St. John’s Antigua- Both sides of the political divide in Barbuda have agreed to proposals that could be used to jumpstart the island’s ailing economy.
Council members went back to the drawing board on Tuesday to devise strategies to generate much needed finances for the sister isle, since the cessation of sand mining.
Among the proposals outlined by deputy chairman of the council Fabian Jones yesterday were the possibility of the island colleting its own Environmental Tax from visiting yachts, a 12-acre agricultural programme and implementing changes that would facilitate ease of doing business.

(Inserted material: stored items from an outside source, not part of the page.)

(* Triviality of the opposition relation propagates to vertices at distance 2:
   [v] and [w] are the far ends of two straight n-paths sharing their last n-1 edges. *)
Lemma trivial_two_steps v u w : trivial_opp (nbhd adj v) (opp v) -> adj v u -> adj u w ->
  trivial_opp (nbhd adj w) (opp w).
Proof.
  intros Htv Hvu Huw.
  destruct (plump2 u [v; w]) as [x [Hux Hx]];
    [intros y [<-|[<-|[]]]; unfold nbhd; auto|simpl; lia|].
  destruct (straight_extend u x Hux (n - 1) ltac:(lia)) as [p [Hp [P0 P1]]].
  assert (via : forall z, opp u x z ->
    straight_path adj opp n (fun i => match i with 0 => z | S j => p j end)).
  { intros z Hz. replace n with (S (n - 1)) at 1 by lia.
    apply (straight_cons adj_sym opp_nbhd opp_irr); [auto|].
    rewrite P0, P1. apply opp_sym, Hz. }
  pose proof (via v (Hx v ltac:(simpl; auto))) as Pv.
  pose proof (via w (Hx w ltac:(simpl; auto))) as Pw.
  (* the common far end [z = p (n-1)] inherits triviality from [v], and passes it to [w] *)
  assert (Hz : trivial_opp (nbhd adj (p (n - 1))) (opp (p (n - 1)))).
  { apply (trivial_transfer v _ _ Htv Pv); auto. cbv beta.
    replace n with (S (n - 1)) at 1 by lia. auto. }
  apply (trivial_transfer _ w _ Hz (straight_rev adj_sym opp_sym n _ Pw)); cbv beta.
  - rewrite Nat.sub_0_r. replace n with (S (n - 1)) at 1 by lia. auto.
  - rewrite Nat.sub_diag. auto.
Qed.

Lemma trivial_even_walk v w k : trivial_opp (nbhd adj v) (opp v) ->
  has_walk adj v w k -> Nat.Even k -> trivial_opp (nbhd adj w) (opp w).
Proof.
  intros Htv [x [X0 [Xk Hx]]] [m ->]. subst v w. induction m as [|m IH]; auto.
  apply (trivial_two_steps (x (2 * m)) (x (S (2 * m)))).
  - apply IH. intros i Hi. apply Hx. lia.
  - apply Hx. lia.
  - replace (2 * S m) with (S (S (2 * m))) by lia. apply Hx. lia.
Qed.

(* A vertex with trivial opposition is joined by a walk of length n to another
   such vertex, namely the far end of any straight n-path starting at it. *)
Lemma trivial_partner v : trivial_opp (nbhd adj v) (opp v) ->
  exists z, trivial_opp (nbhd adj z) (opp z) /\ has_walk adj z v n.
Proof.
  intros Htv. destruct (plump2 v []) as [u [Hu _]]; [intros x []|simpl; lia|].
  destruct (straight_extend v u Hu n ltac:(lia)) as [p [Hp [P0 _]]].
  exists (p n). split.
  - apply (trivial_transfer v _ p Htv Hp P0 eq_refl).
  - rewrite <- P0. apply (path_rev_walk adj_sym), Hp.
Qed.
Lemma ih_comp Q s Sg : enclosure_IR s Sg -> holder_IR Sg -> isotone_holder n Om Q ->
  isotone_holder n Om (fun K => Sg (Q K)).
Proof.
  intros [IS ES] [CS [gS [HCS [HgS HS]]]] [P1 I1 [C1 [g1 [HC1 [Hg1 H1]]]]].
  assert (PS : forall X, proper X -> proper (Sg X)).
  { intros X HX. apply (inI_proper (s (lo X))), ES; auto. unfold inI, proper in *; lra. }
  split; [auto|intros; apply IS; eauto using bsub_trans|].
  exists (CS * rpow C1 gS), (g1 * gS). pose proof (rpow_ge0 C1 gS).
  split; [nra|split; [nra|]]. intros K HK HKO.
  eapply Rle_trans; [apply HS; auto|].
  assert (rpow (width (Q K)) gS <= rpow C1 gS * rpow (bwidth n K) (g1 * gS)).
  { rewrite <- rpow_rpow, <- rpow_mult_distr by (auto using rpow_ge0, bwidth_ge0).
    apply rpow_le_compat; auto; lra. }
  rewrite Rmult_assoc. apply Rmult_le_compat_l; lra.
Qed.

Definition ih_mx (n : nat) (Om : box) (M : box -> nat -> nat -> Itv) : Prop :=
  forall a b, isotone_holder n Om (fun K => M K a b).

Lemma ih_mx_const M : ih_mx n Om (fun _ => fun a b => pt (M a b)).
Proof. intros a b. apply ih_const. Qed.

Lemma ih_mx_add A B : ih_mx n Om A -> ih_mx n Om B -> ih_mx n Om (fun K => imxadd (A K) (B K)).
Proof. intros HA HB a b. now apply ih_add. Qed.

Lemma ih_mx_mul m A B : ih_mx n Om A -> ih_mx n Om B -> ih_mx n Om (fun K => imxmul m (A K) (B K)).
Proof. intros HA HB a b. apply (ih_sum m (fun l K => imul (A K a l) (B K l b))). intros. now apply ih_mul. Qed.

Lemma ih_mx_diag v : (forall l, isotone_holder n Om (fun K => v K l)) ->
  ih_mx n Om (fun K => idiag (v K)).
Proof. intros H a b. unfold idiag. destruct (Nat.eqb a b); [apply H|apply ih_const]. Qed.

End IsotoneHolder.

Section NetworkEnclosureHolder.

Variables (N : Net) (Om : box) (s s' s'' : R -> R) (Sg Sg1 Sg2 : Itv -> Itv).
Hypothesis HW : 0 < bwidth (nd N 0) Om.
Hypotheses (E0 : enclosure_IR s Sg) (E1 : enclosure_IR s' Sg1) (E2 : enclosure_IR s'' Sg2).
Hypotheses (H0 : holder_IR Sg) (H1 : holder_IR Sg1) (H2 : holder_IR Sg2).

Lemma ih_izstep k X : (forall j, (j < nd N k)%nat -> isotone_holder (nd N 0) Om (fun K => X K j)) ->
  forall i, isotone_holder (nd N 0) Om (fun K => izstep N k (X K) i).
Proof.
  intros HX i. unfold izstep.
  apply (ih_add _ _ HW (fun K => isum _ _) (fun _ => pt _)); [|apply ih_const].
  apply (ih_sum _ _ HW _ (fun j K => imul (pt (nW N k i j)) (X K j))).
  intros j Hj. apply ih_mul; auto using ih_const.
Qed.

Lemma ih_iX k i : (i < nd N k)%nat -> isotone_holder (nd N 0) Om (fun K => iX N Sg k K i).
Proof.
  revert i. induction k as [|k IH]; intros i Hi; simpl; [now apply ih_coord|].
  apply (ih_comp _ _ (fun K => izstep N k (iX N Sg k K) i) s); auto.
  now apply ih_izstep.
Qed.

Lemma ih_Fval k i : isotone_holder (nd N 0) Om (fun K => Fval N Sg (k + 1) K i).
Proof.
  replace (k + 1)%nat with (S k) by lia. simpl.
  apply (ih_izstep k (fun K => iX N Sg k K)). intros. now apply ih_iX.
Qed.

A follow-up meeting will be held on May 1 to decide how the council will proceed to implement the recommendations, after a planned meeting with government.
Antigua Labour Party (ALP) Senator Arthur Nibbs has thrown his support behind the list of recommendations.
Nibbs told OBSERVER Media he is optimistic about the plans and hopes that the council would put the proverbial “pedal to the wheel” to get these programmes going.
“It is our hope however, that it would not just be like the other meetings of council, where resolutions have been made and then nothing comes of them,” he said.
Nibbs said he is in favour of the recommendations, with the exception of the proposed agriculture programme.
He said for this to be successful, the production should be left in the hands of the farmers and marketing and sales of the produce could be dealt with by the council.
The programme, put forward by the Chairman of Agriculture Sibley Charles, is expected to reel in close to $2 million annually through the cultivation of onions, tomatoes and sweet peppers.
Deputy chairman of the council Fabian Jones said this is still in the development phase.
Speaking specially to other recommendations, Jones explained that council would also be lobbying government in its quest to have Barbuda declared a port of entry and a duty-free zone.
Plans are also in the cards to declare a three-mile fishing zone on the island as a marine protected area.
“Persons wishing to fish in that area would have to get a permit and then we can decide the cost for a permit and probably the amount of catch you can take in a day, that way we would also help to grow the economy,” Jones explained in an interview.
The deputy chairman is also hoping some aspects of the proposal can be implemented this year.
“There is no time to waste right now and that is why we have set timelines to tell them that we need to have these meetings one behind the other so that we can have something to take to the council,” Jones added.